[Start of section]
Lemma ipNr x z : ip z (- x) = - ip z x.
Proof. by rewrite !(ipC z) ipNl. Qed.

Lemma normD_sqr x y : `|x + y| ^+ 2 = `|x| ^+ 2 + 2 * ip x y + `|y| ^+ 2.
Proof. by rewrite -!ipxx ipDl !ipDr (ipC y x); ring. Qed.

Lemma normB_sqr x y : `|x - y| ^+ 2 = `|x| ^+ 2 - 2 * ip x y + `|y| ^+ 2.
Proof. by rewrite normD_sqr normrN ipNr mulrN. Qed.

Lemma ip_le_norm x y : ip x y <= `|x| * `|y|.
Proof.
have [->|x_neq0] := eqVneq x 0; first by rewrite ip0l normr0 mul0r.
have [->|y_neq0] := eqVneq y 0; first by rewrite ipC ip0l normr0 mulr0.
have xy_gt0 : 0 < `|y| * `|x| by rewrite mulr_gt0 ?normr_gt0.
have := sqr_ge0 (`| `|y| *: x - `|x| *: y|).
rewrite normB_sqr ipZl ipZr !normrZ !normr_id => sq_ge0.
rewrite -(ler_pM2l xy_gt0); nra.
Qed.

Lemma norm_midpoint_sqr (a u v : V) :
  `|a - (2^-1 *: u + (1 - 2^-1) *: v)| ^+ 2 =
  (`|a - u| ^+ 2 + `|a - v| ^+ 2) / 2 - `|u - v| ^+ 2 / 4.
Proof.
rewrite !normB_sqr -!ipxx !(ipDl, ipDr, ipZl, ipZr) (ipC v u).
by field.
Qed.

End InnerProduct.

Definition moreau_argmin {R : realType} {V : normedModType R}
    (f : V -> R) (c : R) (a q : V) : Prop :=
  forall u, f q + c * `|a - q| ^+ 2 <= f u + c * `|a - u| ^+ 2.

Definition subgradient {R : realType} {V : normedModType R}
    (ip : V -> V -> R) (f : V -> R) (q g : V) : Prop :=
  forall u, f q + ip g (u - q) <= f u.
[End of section]
[TASK TO CARRY OUT]
Retype, exactly and only, the lines running from the one with "Lemma ip_le_norm x" through the final line of the listing above.

[SOLUTION BELOW]
Lemma ip_le_norm x y : ip x y <= `|x| * `|y|.
Proof.
have [->|x_neq0] := eqVneq x 0; first by rewrite ip0l normr0 mul0r.
have [->|y_neq0] := eqVneq y 0; first by rewrite ipC ip0l normr0 mulr0.
have xy_gt0 : 0 < `|y| * `|x| by rewrite mulr_gt0 ?normr_gt0.
have := sqr_ge0 (`| `|y| *: x - `|x| *: y|).
rewrite normB_sqr ipZl ipZr !normrZ !normr_id => sq_ge0.
rewrite -(ler_pM2l xy_gt0); nra.
Qed.

Lemma norm_midpoint_sqr (a u v : V) :
  `|a - (2^-1 *: u + (1 - 2^-1) *: v)| ^+ 2 =
  (`|a - u| ^+ 2 + `|a - v| ^+ 2) / 2 - `|u - v| ^+ 2 / 4.
Proof.
rewrite !normB_sqr -!ipxx !(ipDl, ipDr, ipZl, ipZr) (ipC v u).
by field.
Qed.

End InnerProduct.

Definition moreau_argmin {R : realType} {V : normedModType R}
    (f : V -> R) (c : R) (a q : V) : Prop :=
  forall u, f q + c * `|a - q| ^+ 2 <= f u + c * `|a - u| ^+ 2.

Definition subgradient {R : realType} {V : normedModType R}
    (ip : V -> V -> R) (f : V -> R) (q g : V) : Prop :=
  forall u, f q + ip g (u - q) <= f u.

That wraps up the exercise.